What the task asks: Return every line in the entries below where the word "case" shows up.

(Stored data entries)
(* Let $d>2$ be a prime such that $-1\in QNR_d$ and $2\in QNR_d$. Then the equation $$d=\left(\frac{k}{2j}\right)^2\frac{m^2-e^2}{em}$$ has no solutions $k,j,m,e\in\mathbb{N}$ with $\gcd(m,e)=1$ and $m>e>0$.
   Context: For an odd prime $d$, $QR_d$ is the set of nonzero quadratic residues modulo $d$ in $\{1,\dots,d-1\}$, and $QNR_d=\{1,\dots,d-1\}\setminus QR_d$ is the set of quadratic nonresidues modulo $d$ (residues taken mod $d$). *)

From HB Require Import structures.
From mathcomp Require Import all_boot all_order all_algebra.
Set Implicit Arguments. Unset Strict Implicit. Unset Printing Implicit Defensive.

Definition QR (d : nat) : pred nat :=
  fun a => [&& 0 < a, a < d & [exists x : 'I_d, (x * x) %% d == a]].

Definition QNR (d : nat) : pred nat :=
  fun a => [&& 0 < a, a < d & ~~ QR d a].

From mathcomp Require Import all_boot all_order all_algebra zify ring.
Set Implicit Arguments. Unset Strict Implicit. Unset Printing Implicit Defensive.

(* Clearing denominators, the equation says that d e m (m - e) (m + e) is a
   square, and we show by infinite descent on m that no coprime m > e > 0 can
   do this.  If m and e are both odd, ((m + e)/2, (m - e)/2) is a smaller such
   pair.  Otherwise e, m, m - e and m + e are pairwise coprime, so all of them
   are squares except the one divisible by d, which is d times a square.  If d
   divides m or m + e, then d divides the sum of two squares prime to d,
   (m + e) + (m - e) resp. m + e, so -1 is a square mod d; if d divides m - e,
   then (m + e) + (m - e) = 2m makes 2 a square mod d.  If d divides e, write
   m - e = c^2, m + e = f^2, m = b^2: then ((f + c)/2, (f - c)/2, b) is a
   primitive Pythagorean triple, and its parametrisation by (M, E) gives a
   smaller pair, with M < b <= m. *)

Lemma coprime_sqr m n : coprime (m * m) (n * n) = coprime m n.
Proof. by rewrite !mulnn coprime_pexpl // coprime_pexpr. Qed.

Lemma coprime_mul_sqr x y z : coprime x y -> x * y = z * z -> exists u, x = u * u.
Proof.
move=> cxy xyz; exists (gcdn x z); apply/eqP; rewrite eqn_dvd; apply/andP; split.
  rewrite muln_gcdr !muln_gcdl !dvdn_gcd -xyz.
  by rewrite [z * x]mulnC !dvdn_mulr.
have cgy : coprime (gcdn x z * gcdn x z) y.
  by rewrite coprimeMl andbb (coprime_dvdl (dvdn_gcdl x z)).
by rewrite -(Gauss_dvdl _ cgy) xyz dvdn_mul ?dvdn_gcdr.
Qed.

Lemma mul_sqr_sqr x s t : 0 < s -> x * (s * s) = t * t -> exists u, x = u * u.
Proof.
move=> s_gt0 xst.
have /dvdnP[u tE] : s %| t by rewrite -(@dvdn_pexp2r _ _ 2) // -!mulnn -xst dvdn_mull.
exists u; apply/eqP; rewrite -(eqn_pmul2r (_ : 0 < s * s)) ?muln_gt0 ?s_gt0 //.
by rewrite xst tE mulnACA.
Qed.

Lemma prime_coprime_ndvd d x y : prime d -> d %| x -> coprime x y -> ~~ (d %| y).
Proof. by move=> pd dx cxy; rewrite -prime_coprime // (coprime_dvdl dx cxy). Qed.

Lemma prime_mul_sqr d x y z : prime d -> ~~ (d %| x) -> coprime x y ->
  d * (x * y) = z * z -> exists u, x = u * u.
Proof.
move=> pd ndx cxy dxyz; apply: (@coprime_mul_sqr x (d * y) z).
  by rewrite coprimeMr cxy andbT coprime_sym prime_coprime.
by rewrite -dxyz; ring.
Qed.

Lemma prime_dvd_mul_sqr d x y z : prime d -> d %| x -> coprime x y ->
  d * (x * y) = z * z -> exists u, x = d * (u * u).
Proof.
move=> pd /dvdnP[x' ->] cxy dxyz.
have [v x'y] : exists v, x' * y = v * v.
  by apply: (mul_sqr_sqr (t := z) (prime_gt0 pd)); rewrite -dxyz; ring.
have [u ->] := coprime_mul_sqr (coprime_dvdl (dvdn_mulr d (dvdnn _)) cxy) x'y.
by exists u; rewrite mulnC.
Qed.

Lemma prime_mul_sqr_dvd d x z : prime d -> d * x = z * z -> d %| x.
Proof.
move=> pd dxz; have : d %| z * z by rewrite -dxz dvdn_mulr.
rewrite Euclid_dvdM // orbb => dz.
by rewrite -(dvdn_pmul2l (prime_gt0 pd)) dxz dvdn_mul.
Qed.

Lemma prime_dvd_mul4_sqr d x1 x2 x3 x4 z : prime d ->
  coprime x1 x2 -> coprime x1 x3 -> coprime x1 x4 ->
  coprime x2 x3 -> coprime x2 x4 -> coprime x3 x4 ->
  d %| x1 -> d * (x1 * x2 * x3 * x4) = z * z ->
  (exists u, x1 = d * (u * u)) /\
  [/\ exists u, x2 = u * u, exists u, x3 = u * u & exists u, x4 = u * u].
Proof.
move=> pd c12 c13 c14 c23 c24 c34 dx1 hz.
have ndvd y : coprime x1 y -> ~~ (d %| y) := prime_coprime_ndvd pd dx1.
split; first apply: (prime_dvd_mul_sqr pd dx1 (y := x2 * x3 * x4) (z := z)).
- by rewrite !coprimeMr c12 c13 c14.
- by rewrite -hz; ring.
split.
- apply: (prime_mul_sqr pd (ndvd _ c12) (y := x1 * x3 * x4) (z := z)).
    by rewrite !coprimeMr c23 c24 coprime_sym c12.
  by rewrite -hz; ring.
- apply: (prime_mul_sqr pd (ndvd _ c13) (y := x1 * x2 * x4) (z := z)).
    by rewrite !coprimeMr c34 -!(coprime_sym _ x3) c13 c23.
  by rewrite -hz; ring.
- apply: (prime_mul_sqr pd (ndvd _ c14) (y := x1 * x2 * x3) (z := z)).
    by rewrite !coprimeMr -!(coprime_sym _ x4) c14 c24 c34.
  by rewrite -hz; ring.
Qed.

Lemma odd_eq_add_double p q : p <= q -> odd p = odd q -> exists r, q = p + 2 * r.
Proof.
move=> le_pq opq; exists (q - p)./2.
by have := odd_double_half (q - p); rewrite oddB // opq addbb -muln2; lia.
Qed.

Lemma pythagorean_param X Y b :
  X * X + Y * Y = b * b -> coprime X Y -> odd X -> 0 < Y ->
  exists M E, [/\ coprime M E, 0 < E & E < M] /\
              [/\ X + E * E = M * M, Y = 2 * (M * E) & b = M * M + E * E].
Proof.
move=> XYb cXY oX Y_gt0.
have evenY : ~~ odd Y.
  apply/negP => oY; have := congr1 odd XYb; rewrite oddD !oddM oX oY !andbb /= => /esym ob.
  move: XYb; rewrite -(odd_double_half X) -(odd_double_half Y) -(odd_double_half b).
  by rewrite oX oY ob -!muln2; lia.
have /dvdnP[y Yy] : 2 %| Y by rewrite dvdn2.
have ob : odd b by move: (congr1 odd XYb); rewrite oddD !oddM oX (negbTE evenY) !andbb.
have Xb : X <= b by rewrite -leq_sqr -!mulnn -XYb leq_addr.
have [v bv] := odd_eq_add_double Xb (etrans oX (esym ob)).
have uv : (X + v) * v = y * y by move: XYb; rewrite bv Yy; lia.
have cXv : coprime X v.
  apply: (@coprime_dvdr _ (y * y)); first by rewrite -uv dvdn_mull.
  apply: (@coprime_dvdr _ (Y * Y)); first by rewrite Yy dvdn_mul ?dvdn_mulr.
  by rewrite coprimeMr cXY.
have cvu : coprime v (X + v) by rewrite /coprime gcdnDr gcdnC.
have [M uM] := coprime_mul_sqr (etrans (coprime_sym _ _) cvu) uv.
have [E vE] := coprime_mul_sqr cvu (etrans (mulnC v _) uv).
have yME : y = M * E.
  by apply/eqP; rewrite -eqn_sqr -!mulnn -uv uM vE mulnACA.
exists M, E; split; last by split; [rewrite -vE uM | rewrite Yy yME mulnC | rewrite bv -uM -vE; lia].
split.
- by rewrite -coprime_sqr -uM -vE coprime_sym.
- by rewrite lt0n; apply: contraTneq Y_gt0 => E0; rewrite Yy yME E0 muln0.
- by rewrite -ltn_sqr -!mulnn -uM -vE; have := odd_gt0 oX; lia.
Qed.

Lemma QNR_sqr_modN d c x y : prime d -> c %% d \in QNR d -> ~~ (d %| y) ->
  x * x != c * (y * y) %[mod d].
Proof.
move=> pd /and3P[c_gt0 c_lt_d /negP nQR] ndy; apply/negP => /eqP xyc; apply: nQR.
have d_gt0 := prime_gt0 pd.
(* Bezout gives a y = -1 (mod d), so x a is a square root of c mod d. *)
have [a _] := Bezoutl y d_gt0.
have -> : gcdn d y = 1 by apply/eqP; rewrite -/(coprime d y) prime_coprime.
move=> /dvdnP[q aq]; set w := a * y in aq.
have ww1 : w * w = 1 %[mod d].
  apply/eqP; rewrite -(eqn_modDr w) (_ : w * w + w = w * (1 + w)); last by ring.
  by rewrite aq mulnA !modnMl.
apply/and3P; split=> //; apply/existsP; exists (Ordinal (ltn_pmod (x * a) d_gt0)).
rewrite /= modnMm (_ : x * a * (x * a) = x * x * (a * a)); last by ring.
rewrite -modnMml xyc modnMml (_ : c * (y * y) * (a * a) = c * (w * w)); last by rewrite /w; ring.
by rewrite -modnMmr ww1 modnMmr muln1.
Qed.

(* e m (m^2 - e^2) is the area of the Pythagorean triangle generated by
   (m, e); the equation of the theorem amounts to [congruent_pair d m e]. *)
Definition congruent_pair d m e :=
  [/\ coprime m e, 0 < e, e < m & exists z, d * (e * m * (m - e) * (m + e)) = z * z].

Lemma area_factors_coprime m e : coprime m e -> e <= m -> odd (m + e) ->
  [/\ coprime e (m - e), coprime e (m + e), coprime m (m - e), coprime m (m + e)
    & coprime (m - e) (m + e)].
Proof.
move=> cme le_em; set c := m - e.
have mE : m = c + e by rewrite subnK.
rewrite mE in cme * => oD.
have cec : coprime e c by rewrite /coprime -(gcdnDr e c) gcdnC.
have cce : coprime c e by rewrite coprime_sym.
split.
- exact: cec.
- by rewrite /coprime !gcdnDr.
- by rewrite /coprime gcdnC gcdnDl.
- by rewrite /coprime gcdnDl.
- rewrite -addnA /coprime gcdnDl addnn -muln2 -/(coprime _ _) coprimeMr cce coprimen2.
  by move: oD; rewrite -addnA oddD addnn odd_double addbF.
Qed.

Lemma congruent_pair_parity d m e : congruent_pair d m e -> odd m && odd e || odd (m + e).
Proof.
move=> [cme _ _ _]; rewrite oddD.
case om: (odd m); case oe: (odd e) => //=.
by move: cme; rewrite /coprime => /eqP g1; have := dvdn_gcd 2 m e; rewrite g1 !dvdn2 om oe.
Qed.

Lemma congruent_pair_odd d m e : congruent_pair d m e -> odd m -> odd e ->
  exists m' e', m' < m /\ congruent_pair d m' e'.
Proof.
move=> [cme e_gt0 em [z hz]] om oe.
have [e' me'] := odd_eq_add_double (ltnW em) (etrans oe (esym om)).
have ce' : coprime e e'.
  have : coprime e (2 * e') by rewrite /coprime -gcdnDl -me' gcdnC.
  by rewrite coprimeMr => /andP[].
exists (e + e'), e'; split; first lia.
split; [by rewrite /coprime gcdnC gcdnDr gcdnC | lia | lia |].
apply: (@mul_sqr_sqr _ 2 z) => //; rewrite -hz me' addnK addKn; ring.
Qed.

Lemma congruent_pair_of_pythagorean d X Y a b :
  X * X + Y * Y = b * b -> coprime X Y -> odd (X + Y) -> 0 < X -> 0 < Y ->
  2 * (X * Y) = d * (a * a) -> exists M E, M < b /\ congruent_pair d M E.
Proof.
wlog oX : X Y / odd X => [hwlog XYb cXY oXY X_gt0 Y_gt0 XYa|].
  case oX: (odd X); first exact: (hwlog X Y).
  apply: (hwlog Y X) => //; first by move: oXY; rewrite oddD oX.
  - by rewrite addnC.
  - by rewrite coprime_sym.
  - by rewrite addnC.
  - by rewrite (mulnC Y).
move=> XYb cXY _ _ Y_gt0 XYa.
have [M [E [[cME E_gt0 EM] [XME YME bME]]]] := pythagorean_param XYb cXY oX Y_gt0.
exists M, E; split.
  rewrite bME; have := leq_pmull M (ltn_trans E_gt0 EM).
  have : 0 < E * E by rewrite muln_gt0 E_gt0.
  lia.
split=> //; apply: (@mul_sqr_sqr _ 2 (d * a)) => //.
have XE : (M - E) * (M + E) = X by rewrite -subn_sqr -!mulnn -XME addnK.
rewrite -[E * M * _ * _]mulnA XE (_ : d * a * (d * a) = d * (d * (a * a))); last by ring.
by rewrite -XYa YME; ring.
Qed.

Section Descent.

Variable d : nat.
Hypotheses (d_prime : prime d) (QNR_m1 : (d - 1) %% d \in QNR d) (QNR_2 : 2 %% d \in QNR d).

Lemma dvdn_sum_sqr x y : d %| x * x + y * y -> d %| y.
Proof.
move=> dxy; apply/negPn/negP => ndy.
have /negP := QNR_sqr_modN x d_prime QNR_m1 ndy; apply.
rewrite -(eqn_modDr (y * y)) mulnBl mul1n subnK ?leq_pmull ?prime_gt0 //.
by rewrite modnMr; rewrite /dvdn in dxy.
Qed.

Lemma dvdn_sqr_double x y : x * x = 2 * (y * y) %[mod d] -> d %| y.
Proof.
move=> xy; apply/negPn/negP => ndy.
by have /negP := QNR_sqr_modN x d_prime QNR_2 ndy; apply; apply/eqP.
Qed.

Lemma congruent_pair_ndvd_m m e : congruent_pair d m e -> odd (m + e) -> ~~ (d %| m).
Proof.
move=> [cme _ em [z hz]] oD; apply/negP => dm.
have [ceC ceD cmC cmD cCD] := area_factors_coprime cme (ltnW em) oD.
have hz' : d * (m * e * (m - e) * (m + e)) = z * z by rewrite -hz; ring.
have [_ [_ [c cE] [f fE]]] := prime_dvd_mul4_sqr d_prime cme cmC cmD ceC ceD cCD dm hz'.
have dc : d %| c.
  apply: (@dvdn_sum_sqr f); rewrite -fE -cE (_ : m + e + (m - e) = 2 * m) ?dvdn_mull //.
  lia.
by have := prime_coprime_ndvd d_prime dm cmC; rewrite cE dvdn_mulr.
Qed.

Lemma congruent_pair_ndvd_add m e : congruent_pair d m e -> odd (m + e) -> ~~ (d %| m + e).
Proof.
move=> [cme _ em [z hz]] oD; apply/negP => dD.
have [ceC ceD cmC cmD cCD] := area_factors_coprime cme (ltnW em) oD.
rewrite coprime_sym in ceD; rewrite coprime_sym in cmD; rewrite coprime_sym in cCD.
rewrite coprime_sym in cme.
have hz' : d * ((m + e) * e * m * (m - e)) = z * z by rewrite -hz; ring.
have [_ [[a aE] [b bE] _]] := prime_dvd_mul4_sqr d_prime ceD cmD cCD cme ceC cmC dD hz'.
have da : d %| a by apply: (@dvdn_sum_sqr b); rewrite -aE -bE.
by have := prime_coprime_ndvd d_prime dD ceD; rewrite aE dvdn_mulr.
Qed.

Lemma congruent_pair_ndvd_sub m e : congruent_pair d m e -> odd (m + e) -> ~~ (d %| m - e).
Proof.
move=> [cme _ em [z hz]] oD; apply/negP => dC.
have [ceC ceD cmC cmD cCD] := area_factors_coprime cme (ltnW em) oD.
rewrite coprime_sym in ceC; rewrite coprime_sym in cmC; rewrite coprime_sym in cme.
have hz' : d * ((m - e) * e * m * (m + e)) = z * z by rewrite -hz; ring.
have [[c cE] [_ [b bE] [f fE]]] := prime_dvd_mul4_sqr d_prime ceC cmC cCD cme ceD cmD dC hz'.
have db : d %| b.
  apply: (@dvdn_sqr_double f); rewrite -fE -bE -(modnMDl (c * c)).
  by rewrite mulnC -cE; congr (_ %% _); lia.
by have := prime_coprime_ndvd d_prime dC cmC; rewrite bE dvdn_mulr.
Qed.

Lemma congruent_pair_dvd_e m e : congruent_pair d m e -> odd (m + e) -> d %| e ->
  exists m' e', m' < m /\ congruent_pair d m' e'.
Proof.
move=> [cme e_gt0 em [z hz]] oD de.
have [ceC ceD cmC cmD cCD] := area_factors_coprime cme (ltnW em) oD.
rewrite coprime_sym in cme.
have [[a aE] [[b bE] [c cE] [f fE]]] := prime_dvd_mul4_sqr d_prime cme ceC ceD cmC cmD cCD de hz.
have odd_c : odd c by move: oD; rewrite oddD -oddB ?(ltnW em) // cE oddM andbb.
have odd_f : odd f by move: oD; rewrite fE oddM andbb.
have cf : c <= f by rewrite -leq_sqr -!mulnn -cE -fE; lia.
have [Y fY] := odd_eq_add_double cf (etrans odd_c (esym odd_f)).
have c2e : c * c + 2 * e = f * f by rewrite -cE -fE; lia.
have cf2b : c * c + f * f = 2 * (b * b) by rewrite -cE -fE -bE; lia.
have Y_gt0 : 0 < Y.
  by rewrite lt0n; apply: contraTneq e_gt0 => Y0; move: c2e; rewrite fY Y0; lia.
have cYY : coprime (c + Y) Y.
  have : coprime c (2 * Y) by rewrite /coprime -gcdnDl -fY -/(coprime c f) -coprime_sqr -cE -fE.
  by rewrite coprimeMr => /andP[_ cY]; rewrite /coprime gcdnC gcdnDr gcdnC.
have [M [E [Mb cpME]]] : exists M E, M < b /\ congruent_pair d M E.
  apply: (@congruent_pair_of_pythagorean d (c + Y) Y a) => //.
  - by move: cf2b; rewrite fY; lia.
  - by rewrite (_ : c + Y + Y = f) //; lia.
  - lia.
  - by rewrite -aE; move: c2e; rewrite fY; lia.
exists M, E; split=> //.
by rewrite bE (leq_trans Mb) // leq_pmulr // (leq_ltn_trans _ Mb).
Qed.

Lemma no_congruent_pair m e : ~ congruent_pair d m e.
Proof.
elim/ltn_ind: m e => m IH e cp.
have descend : (exists m' e', m' < m /\ congruent_pair d m' e') -> False.
  by move=> [m' [e' [lt_m'm cp']]]; apply: IH lt_m'm e' cp'.
have /orP[/andP[om oe] | oD] := congruent_pair_parity cp.
  exact: descend (congruent_pair_odd cp om oe).
have [_ _ _ [z hz]] := cp.
move: (prime_mul_sqr_dvd d_prime hz); rewrite !Euclid_dvdM //.
case/orP => [/orP[/orP[de | dm] | dC] | dD].
- exact: descend (congruent_pair_dvd_e cp oD de).
- exact: negP (congruent_pair_ndvd_m cp oD) dm.
- exact: negP (congruent_pair_ndvd_sub cp oD) dC.
- exact: negP (congruent_pair_ndvd_add cp oD) dD.
Qed.

End Descent.

Import GRing.Theory Num.Theory.
Local Open Scope ring_scope.

Lemma congruent_pair_of_rat d k j m e : (0 < d)%N -> coprime m e -> (0 < e)%N -> (e < m)%N ->
  (d%:R : rat) = (k%:R / (2 * j%:R)) ^+ 2 * ((m%:R ^+ 2 - e%:R ^+ 2) / (e%:R * m%:R)) ->
  congruent_pair d m e.
Proof.
move=> d_gt0 cme e_gt0 em H; split=> //.
have [j0 | j_gt0] := posnP j.
  move: H; rewrite j0 mulr0 invr0 mulr0 expr0n mul0r => /eqP; rewrite pnatr_eq0 => /eqP d0.
  by rewrite d0 in d_gt0.
apply: (@mul_sqr_sqr _ (2 * j) (k * (m * m - e * e))); first by rewrite muln_gt0.
have le_em := ltnW em.
apply/eqP; rewrite -(eqr_nat rat) !(natrM, natrB, natrD) ?leq_mul // H.
apply/eqP; field.
by rewrite !pnatr_eq0 -!lt0n j_gt0 e_gt0 (ltn_trans e_gt0 em).
Qed.

Theorem lemma11 (d : nat) (hd : prime d) (hd2 : (2 < d)%N)
    (hm1 : ((d - 1) %% d)%N \in QNR d) (h2 : (2 %% d)%N \in QNR d) :
  ~ exists k j m e : nat,
      [/\ coprime m e, (0 < e)%N, (e < m)%N &
        (d%:R : rat) = (k%:R / (2 * j%:R)) ^+ 2 * ((m%:R ^+ 2 - e%:R ^+ 2) / (e%:R * m%:R))].
Proof.
move=> [k [j [m [e [cme e_gt0 em H]]]]].
apply: (no_congruent_pair hd hm1 h2 (m := m) (e := e)).
exact: congruent_pair_of_rat (prime_gt0 hd) cme e_gt0 em H.
Qed.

Task answer:
case om: (odd m); case oe: (odd e) => //=.
  case oX: (odd X); first exact: (hwlog X Y).
case/orP => [/orP[/orP[de | dm] | dC] | dD].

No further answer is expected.